Jean-Marc Valin wrote:
> Randell Jesup wrote:
[snip]

> Yes, the bit-rate information is actually the compressed frame length
> itself.

To clarify: CELT is designed assuming a length-preserving transport.
If a CELT frame of N bytes is received, the receiver assumes the
encoder encoded that frame at a rate of sample_rate/frame_samples*N
bytes per second.

For naturally length preserving transports (such as raw UDP, RTP, or
most other transports) no signalling of bitrate is required at all,
internally to the codec or externally, beyond the length preservation.

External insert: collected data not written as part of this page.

Section PermutationsIota.
Variables (n : nat) (s : seq nat).
Hypothesis s_perm : s \in permutations (iota 0 n).

Lemma permutations_iota_uniq : uniq s.
Proof. by move: s_perm; rewrite mem_permutations => /perm_uniq ->; apply: iota_uniq. Qed.

Lemma permutations_iota_size : size s = n.
Proof. by move: s_perm; rewrite mem_permutations => /perm_size ->; rewrite size_iota. Qed.

Lemma permutations_iota_all : all (gtn n) s.
Proof.
move: s_perm; rewrite mem_permutations => /perm_all ->.
by apply/allP => i; rewrite mem_iota.
Qed.

Lemma permutations_iota_notin : n \notin s.
Proof. by apply/negP => /(allP permutations_iota_all); rewrite /= ltnn. Qed.

End PermutationsIota.

Lemma perm_permutations_iotaS n :
  perm_eq [seq ins j n t | t <- permutations (iota 0 n), j <- iota 0 n.+1]
          (permutations (iota 0 n.+1)).
Proof.
apply: uniq_perm => [||s].
- apply: allpairs_uniq; [exact: permutations_uniq | exact: iota_uniq |].
  move=> [t1 j1] [t2 j2] /allpairsP[[u1 i1] [u1_perm i1_le [-> ->]]].
  move=> /allpairsP[[u2 i2] [u2_perm i2_le [-> ->]]] /= eq_ins.
  rewrite /= in u1_perm u2_perm.
  have n_u1 := permutations_iota_notin u1_perm.
  have n_u2 := permutations_iota_notin u2_perm.
  have i_le (u : seq nat) i : u \in permutations (iota 0 n) -> i \in iota 0 n.+1 ->
      i <= size u.
    by move=> u_perm; rewrite (permutations_iota_size u_perm) mem_iota add0n ltnS.
  suff [-> ->] : u1 = u2 /\ i1 = i2 by [].
  split; first by rewrite -(rem_ins i1 n_u1) eq_ins rem_ins.
  by rewrite -(index_ins n_u1 (i_le _ i1 u1_perm i1_le)) eq_ins index_ins ?(i_le _ i2).
- exact: permutations_uniq.
rewrite mem_permutations; apply/allpairsP/idP.
  case=> -[t j] [t_perm _ ->]; rewrite (permPr (perm_iotaS n)).
  by rewrite (permPl (perm_ins j n t)) perm_cons -mem_permutations.
move=> s_perm; have n_s : n \in s by rewrite (perm_mem s_perm) mem_iota add0n ltnSn.
exists (rem n s, index n s); split; last by rewrite ins_index_rem.
  rewrite mem_permutations -(perm_cons n) -(permPr (perm_iotaS n)).
  by rewrite -(permPr s_perm) perm_sym perm_to_rem.
by rewrite mem_iota -(size_iota 0 n.+1) -(perm_size s_perm) index_mem.
Qed.

Lemma sum_permutations_iotaS n (P : pred (seq nat)) :
  \sum_(s <- permutations (iota 0 n.+1)) P s =
  \sum_(t <- permutations (iota 0 n)) ins_tally n P t.
Proof.
rewrite -(perm_big _ (perm_permutations_iotaS n)) big_allpairs_dep.
rewrite big_seq_cond [RHS]big_seq_cond; apply: eq_bigr => t /andP[t_perm _].
rewrite /ins_tally (permutations_iota_size t_perm) -(subn0 n.+1) -/(index_iota 0 _).
by rewrite big_mkord.
Qed.

Definition simsun_word n (s : seq nat) : bool :=
  [forall k : 'I_n, ~~ has_ddes [seq v <- s | v < k.+1]].

Lemma simsun_word_ins n j t : all (gtn n) t ->
  simsun_word n.+1 (ins j n t) = simsun_word n t && ~~ has_ddes (ins j n t).
Proof.
move=> t_all; have ins_all : all (gtn n.+1) (ins j n t).
  rewrite (perm_all _ (perm_ins j n t)) /= ltnSn.
  by apply: sub_all t_all => v /= /ltnW.
have filter_ins k : k < n -> [seq v <- ins j n t | v < k.+1] = [seq v <- t | v < k.+1].
  by move=> lt_kn; rewrite /ins filter_cat /= ltnNge lt_kn /= -filter_cat cat_take_drop.
apply/forallP/andP => [ss | [/forallP ss ndd] k].
  split; last by have := ss ord_max; rewrite (all_filterP ins_all).
  by apply/forallP => k; have := ss (widen_ord (leqnSn n) k); rewrite /= filter_ins.
have [lt_kn | ge_kn] := ltnP k n; first by rewrite filter_ins //; exact: (ss (Ordinal lt_kn)).
have -> : k.+1 = n.+1 by apply/eqP; rewrite eqSS eqn_leq ge_kn -ltnS ltn_ord.
by rewrite (all_filterP ins_all).
Qed.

However, since we needed to support multiple frames per packet for RTP
(for multichannel audio, and to allow flexible trade-off of latency vs
overhead), we needed to provide an in-channel length encoding that the
decoder can use differentiate the bitrates used by the component frames
of the packet.

This is accomplished by explicitly enumerating the lengths of the packed
frames at the start of the packet payload.  The transport still must be
length preserving since the total packet length must be known to determine
when to stop reading lengths.  This is perfectly robust against packet
loss, but should be protected against bit-error.  I suppose it might
be worthwhile to make a recommendation regarding CRC coverage (i.e.
for UDP light).

We also considered an alternative of encoding the number of frames
per packet in a byte, followed by N-1 lengths, but decided that simply
encoding N lengths would likely be slightly easier to implement and would
likely have somewhat better bit error robustness properties in practice.

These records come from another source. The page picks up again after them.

Definition same_line (l1 l2 : seq (arm * arm)) : bool := all2 same_move l1 l2.

Definition parking_function (m : nat) (a : seq nat) : Prop :=
  [/\ size a = m,
      all (fun x => 1 <= x <= m) a &
      forall i : 'I_m, nth 0 (sort leq a) i <= i.+1].

(* The labels of the free arms of a region, read clockwise, increase cyclically,
   and distinct regions carry disjoint label sets.  If a move in a region with
   label set C records v, the two new regions carry the labels of C in the window
   (v, u] and the other labels of C, where u is the larger of the two short labels
   counterclockwise from the joined arms.

   Say that b parks on C when |b| = |C| - 1 and, for every t, at most
   #{y in C | y > t} entries of b are >= t; relative to the ranks of the elements
   of C this is the parking-function condition.  A sequence is produced by the game
   from a state iff every region parks the entries of the sequence lying in its
   label set.  The induction step is a counting fact: for v in C, C parks v :: b
   iff, for some u in C above v, the window (v, u] and its complement in C park
   their parts of b; such a u is unique, namely the least u > v at which b has
   fewer entries in (v, u] than C has elements there.  Uniqueness of u makes the
   line of play unique, and for the initial region C = {1, ..., n} the condition
   is the parking-function condition itself. *)

From mathcomp Require Import all_boot zify.
Set Implicit Arguments. Unset Strict Implicit. Unset Printing Implicit Defensive.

(Of if someone has reason to believe that another scheme is more likely
to be correctly implemented…)

This length encoding process must be made sufficiently clear in the
draft. If it isn't currently then that needs to be resolved.

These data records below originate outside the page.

Lemma additive_zero (T : V -> V) :
  (forall x y, T (hadd V x y) = hadd V (T x) (T y)) -> T hzero = hzero.
Proof. intro HT. apply hadd_idem_zero. now rewrite <- HT, hadd0. Qed.

Lemma hscal_C0 (x : V) : hscal V C0 x = hzero.
Proof.
  apply hadd_idem_zero. rewrite <- hscalDl.
  replace (Cadd C0 C0) with C0 by (apply Cext; simpl; ring). reflexivity.
Qed.

Lemma hopp_scal (x : V) : hopp V x = hscal V (CofR (-1)) x.
Proof.
  assert (E : hadd V (hscal V (CofR (-1)) x) x = hzero).
  { rewrite <- (hscal1 V x) at 2. rewrite <- hscalDl.
    replace (Cadd (CofR (-1)) C1) with C0 by (apply Cext; simpl; ring).
    apply hscal_C0. }
  rewrite <- (hadd0 V (hopp V x)), <- E, (haddC V _ x), haddA, (haddC V (hopp V x) x).
  now rewrite haddN, haddC, hadd0.
Qed.

Lemma hnorm_nonneg (x : V) : 0 <= hnorm x.
Proof. apply sqrt_pos. Qed.

Lemma hnorm_scal_m1 (x : V) : hnorm (hscal V (CofR (-1)) x) = hnorm x.
Proof.
  unfold hnorm. f_equal.
  rewrite hinnerZl, (hinner_sym V (hscal V (CofR (-1)) x) x), hinnerZl.
  destruct (hinner V x x); simpl; ring.
Qed.

(* A vector whose squared norm vanishes is zero (the imaginary part of
   <y, y> vanishes by conjugate symmetry). *)
Lemma inner_self_zero (y : V) : Cre (hinner V y y) = 0 -> y = hzero.
Proof.
  intro h. apply hinner_def. pose proof (hinner_sym V y y) as S.
  destruct (hinner V y y) as [a b]. simpl in *.
  injection S as S. apply Cext; simpl; lra.
Qed.

Lemma hnorm_zero (y : V) : hnorm y = 0 -> y = hzero.
Proof. intro h. apply inner_self_zero, sqrt_eq_0; [apply hinner_pos | exact h]. Qed.

Lemma hinner_zero_r (x : V) : hinner V x hzero = C0.
Proof.
  assert (h : hinner V hzero x = C0).
  { pose proof (hinnerDl V hzero hzero x) as E. rewrite hadd0 in E.
    destruct (hinner V hzero x) as [a b]. unfold Cadd in E; simpl in E.
    injection E as E1 E2. apply Cext; simpl; lra. }
  rewrite (hinner_sym V hzero x), h. apply Cext; simpl; lra.
Qed.

(* If T x = 0 along a sequence converging to l, then ||T l|| <= M ||x_n - l||
   for every n, so T l = 0: the kernel of a bounded operator is closed. *)
Lemma kernel_limit (T : V -> V) (u : nat -> V) (l : V) : bounded_op T ->
  (forall n, T (u n) = hzero) -> converges u l -> T l = hzero.
Proof.
  intros [Hadd [Hscal [M HM]]] Hu Hc.
  assert (bound : forall n, hnorm (T l) <= M * hnorm (hsub (u n) l)).
  { intro n.
    assert (E : T (hsub (u n) l) = hscal V (CofR (-1)) (T l)).
    { unfold hsub. now rewrite Hadd, Hu, haddC, hadd0, hopp_scal, Hscal. }
    rewrite <- hnorm_scal_m1, <- E. apply HM. }
  apply hnorm_zero.
  destruct (Rle_lt_or_eq_dec 0 _ (hnorm_nonneg (T l))) as [pos|]; [exfalso|auto].
  set (e := hnorm (T l) / (Rabs M + 1)).
  assert (hM : M <= Rabs M) by apply Rle_abs.
  assert (hM0 : 0 <= Rabs M) by apply Rabs_pos.
  assert (epos : 0 < e) by (unfold e; apply Rdiv_lt_0_compat; lra).
  assert (he : (Rabs M + 1) * e = hnorm (T l)) by (unfold e; field; lra).
  destruct (Hc e epos) as [N HN].
  specialize (HN N (le_n N)). specialize (bound N).
  pose proof (hnorm_nonneg (hsub (u N) l)).
  nra.
Qed.

Lemma kernel_closed (T : V -> V) : bounded_op T ->
  closed_subspace (fun x => T x = hzero).
Proof.
  intro HT. pose proof HT as [Hadd [Hscal _]].
  split; [|split; [|split]].
  - exact (additive_zero T Hadd).
  - intros x y hx hy. rewrite Hadd, hx, hy. apply hadd0.
  - intros a x hx. rewrite Hscal, hx. apply hscal_zero.
  - intros u l hu hc. exact (kernel_limit T u l HT hu hc).
Qed.

(* If S is the adjoint of T and S T = 0, then ||T y||^2 = <y, S T y> = 0. *)
Lemma adjoint_annihilates (T S : V -> V) :
  (forall x y, hinner V (T x) y = hinner V x (S y)) ->
  (forall y, S (T y) = hzero) -> forall y, T y = hzero.
Proof.
  intros Hadj HST y. apply inner_self_zero.
  now rewrite Hadj, HST, hinner_zero_r.
Qed.

End HilbertFacts.

Section Representation.
Variables (q : R) (H : Hilbert) (pi : CP2rep q H).
Hypothesis q_neq0 : q <> 0.

Lemma rep_zero (i j : idx) : rpi pi i j hzero = hzero.
Proof. apply additive_zero, (rpi_bounded _ _ pi i j). Qed.

(* By p_11 p_ij = kappa_ij p_ij p_11, ker pi(p_11) is invariant under every
   pi(p_ij). *)
Lemma p11_kernel_invariant (i j : idx) (x : H) :
  rpi pi I1 I1 x = hzero -> rpi pi I1 I1 (rpi pi i j x) = hzero.
Proof.
  intro Hx. pose proof (rpi_wd _ _ pi _ _ (p11_pij q q_neq0 i j) x) as E.
  cbn [evalP] in E. rewrite E, Hx, rep_zero. apply hscal_zero.
Qed.

(* If pi(p_11) = 0, then pi(p_j1) pi(p_1j) = kappa pi(p_jj) pi(p_11) = 0, so
   pi(p_1j) = 0 since pi(p_j1) is its adjoint; then also pi(p_j1) = 0. *)
Lemma p11_zero_kills_row (j : idx) :
  (forall x, rpi pi I1 I1 x = hzero) ->
  forall y, rpi pi I1 j y = hzero /\ rpi pi j I1 y = hzero.
Proof.
  intro Hp11.
  assert (row : forall y, rpi pi I1 j y = hzero).
  { apply (adjoint_annihilates H _ (rpi pi j I1) (rpi_star _ _ pi I1 j)).
    intro y. pose proof (rpi_wd _ _ pi _ _ (pj1_p1j q q_neq0 j) y) as E.
    cbn [evalP] in E. rewrite E, Hp11, rep_zero. apply hscal_zero. }
  intro y. split; [apply row|].
  apply (adjoint_annihilates H _ (rpi pi I1 j) (rpi_star _ _ pi j I1)).
  intro z. apply row.
Qed.

End Representation.

Theorem lemmaD2 (q : R) (hq : 0 < q < 1) (H : Hilbert) (pi : CP2rep q H) :
  irreducible pi ->
  (forall x : H, rpi pi I1 I1 x = hzero -> x = hzero) \/
  (forall x : H, rpi pi I1 I1 x = hzero /\ rpi pi I1 I2 x = hzero /\
                 rpi pi I1 I3 x = hzero /\ rpi pi I2 I1 x = hzero /\
                 rpi pi I3 I1 x = hzero).
Proof.
  intro Hirr.
  assert (q_neq0 : q <> 0) by lra.
  destruct (Hirr _ (kernel_closed H _ (rpi_bounded _ _ pi I1 I1))
                 (fun i j x => p11_kernel_invariant q H pi q_neq0 i j x))
    as [trivial_kernel | p11_zero].
  - left. exact trivial_kernel.
  - right. intro x.
    destruct (p11_zero_kills_row q H pi q_neq0 I2 p11_zero x).
    destruct (p11_zero_kills_row q H pi q_neq0 I3 p11_zero x).
    auto.
Qed.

>>> CELT allows for bitrate adjustment in one byte per frame increments
>>> without any signaling requirement or overhead. Applications SHOULD
>>> utilize congestion control to regulate the transmitted bitrate.  In 
>>> some applications it may make sense to increase the packetization 
>>> interval rather than decreasing the codec bitrate.  Congestion 
>>> control implementations should consider the users differential 
>>> tolerance for high latency and low quality.
>> That would be (I assume) really 1 byte per channel per frame, not 1 byte 
>> per frame.  
> Well, technically you can increase the bit-rate by one byte for only one 
> channel...

Perhaps the clarity of the draft would be improved with some standalone
definitions:

* Packet  — A unit of network transmission, containing IP/UDP/RTP
headers and one or more CELT frames.

* Frame — A unit of codec operation, representing frame_samples samples
for one or two channels of audio.

* Channel — A stream of audio, transported in groups of one or two in a
single frame by CELT

The codec can adjust its instantaneous bitrate with one byte per frame
granularity. This means that for congestion control purposes one byte
per packet granularity is available regardless of the number of channels
encoded or frames per packet, so long as the encoder is willing to use
slightly unequal bitrates per frame.

The logic the sender uses in distributing the available capacity to frames
(and channels) isn't relevant for interoperability, so I don't see cause
to make a recommendation. However, if it would make the draft more clear
it would be possible to do so.

>> DTLS?

Quite reasonable.  Most of that section is from the boiler-plate RTP
profile security considerations in draft-ietf-avt-rtp-howto-06.txt. We
can add that to draft-valin-celt-rtp-profile-00.txt but the changes should
also be made to the rtp-howto unless there is a reason not to do so.

Our enhancements to that section consist of recommendations regarding
timing and length-information-leakage attacks, the latter of which is
somewhat CELT specific since CELT can fill any target byte-size.